(Saved entries)
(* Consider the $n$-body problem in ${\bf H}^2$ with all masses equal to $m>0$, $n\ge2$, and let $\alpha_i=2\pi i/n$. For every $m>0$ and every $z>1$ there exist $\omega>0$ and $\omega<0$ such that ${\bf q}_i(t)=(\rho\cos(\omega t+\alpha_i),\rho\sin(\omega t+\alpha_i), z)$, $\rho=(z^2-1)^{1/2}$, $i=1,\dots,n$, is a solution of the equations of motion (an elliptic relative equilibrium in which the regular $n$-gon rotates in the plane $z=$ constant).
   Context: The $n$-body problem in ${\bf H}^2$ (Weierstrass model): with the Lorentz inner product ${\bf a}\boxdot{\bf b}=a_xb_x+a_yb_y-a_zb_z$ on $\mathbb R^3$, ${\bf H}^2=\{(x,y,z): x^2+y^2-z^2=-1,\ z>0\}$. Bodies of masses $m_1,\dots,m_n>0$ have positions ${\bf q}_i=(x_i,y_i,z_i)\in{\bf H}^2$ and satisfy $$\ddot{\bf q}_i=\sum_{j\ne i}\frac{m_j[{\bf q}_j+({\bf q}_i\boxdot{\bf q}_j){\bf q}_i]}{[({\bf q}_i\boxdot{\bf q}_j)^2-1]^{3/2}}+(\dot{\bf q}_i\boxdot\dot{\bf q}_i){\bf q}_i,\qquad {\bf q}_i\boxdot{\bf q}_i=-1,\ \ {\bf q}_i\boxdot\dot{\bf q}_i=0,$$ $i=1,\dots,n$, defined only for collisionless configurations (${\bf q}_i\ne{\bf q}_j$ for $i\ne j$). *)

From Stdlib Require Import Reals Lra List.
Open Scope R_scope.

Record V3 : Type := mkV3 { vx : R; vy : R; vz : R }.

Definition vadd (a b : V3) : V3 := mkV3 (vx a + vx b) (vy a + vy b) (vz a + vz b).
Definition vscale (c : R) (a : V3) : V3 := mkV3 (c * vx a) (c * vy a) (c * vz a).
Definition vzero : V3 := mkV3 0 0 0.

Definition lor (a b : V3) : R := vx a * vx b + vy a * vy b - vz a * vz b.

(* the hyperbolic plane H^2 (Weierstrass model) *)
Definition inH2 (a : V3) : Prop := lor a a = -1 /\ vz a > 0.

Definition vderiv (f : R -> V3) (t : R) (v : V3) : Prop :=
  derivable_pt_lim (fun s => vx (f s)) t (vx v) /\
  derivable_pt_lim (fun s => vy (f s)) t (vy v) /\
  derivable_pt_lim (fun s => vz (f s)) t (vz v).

[WORK REQUEST]: The records above must be transcribed line for line, exactly.

[EXERCISE OUTPUT]:
(* Consider the $n$-body problem in ${\bf H}^2$ with all masses equal to $m>0$, $n\ge2$, and let $\alpha_i=2\pi i/n$. For every $m>0$ and every $z>1$ there exist $\omega>0$ and $\omega<0$ such that ${\bf q}_i(t)=(\rho\cos(\omega t+\alpha_i),\rho\sin(\omega t+\alpha_i), z)$, $\rho=(z^2-1)^{1/2}$, $i=1,\dots,n$, is a solution of the equations of motion (an elliptic relative equilibrium in which the regular $n$-gon rotates in the plane $z=$ constant).
   Context: The $n$-body problem in ${\bf H}^2$ (Weierstrass model): with the Lorentz inner product ${\bf a}\boxdot{\bf b}=a_xb_x+a_yb_y-a_zb_z$ on $\mathbb R^3$, ${\bf H}^2=\{(x,y,z): x^2+y^2-z^2=-1,\ z>0\}$. Bodies of masses $m_1,\dots,m_n>0$ have positions ${\bf q}_i=(x_i,y_i,z_i)\in{\bf H}^2$ and satisfy $$\ddot{\bf q}_i=\sum_{j\ne i}\frac{m_j[{\bf q}_j+({\bf q}_i\boxdot{\bf q}_j){\bf q}_i]}{[({\bf q}_i\boxdot{\bf q}_j)^2-1]^{3/2}}+(\dot{\bf q}_i\boxdot\dot{\bf q}_i){\bf q}_i,\qquad {\bf q}_i\boxdot{\bf q}_i=-1,\ \ {\bf q}_i\boxdot\dot{\bf q}_i=0,$$ $i=1,\dots,n$, defined only for collisionless configurations (${\bf q}_i\ne{\bf q}_j$ for $i\ne j$). *)

From Stdlib Require Import Reals Lra List.
Open Scope R_scope.

Record V3 : Type := mkV3 { vx : R; vy : R; vz : R }.

Definition vadd (a b : V3) : V3 := mkV3 (vx a + vx b) (vy a + vy b) (vz a + vz b).
Definition vscale (c : R) (a : V3) : V3 := mkV3 (c * vx a) (c * vy a) (c * vz a).
Definition vzero : V3 := mkV3 0 0 0.

Definition lor (a b : V3) : R := vx a * vx b + vy a * vy b - vz a * vz b.

(* the hyperbolic plane H^2 (Weierstrass model) *)
Definition inH2 (a : V3) : Prop := lor a a = -1 /\ vz a > 0.

Definition vderiv (f : R -> V3) (t : R) (v : V3) : Prop :=
  derivable_pt_lim (fun s => vx (f s)) t (vx v) /\
  derivable_pt_lim (fun s => vy (f s)) t (vy v) /\
  derivable_pt_lim (fun s => vz (f s)) t (vz v).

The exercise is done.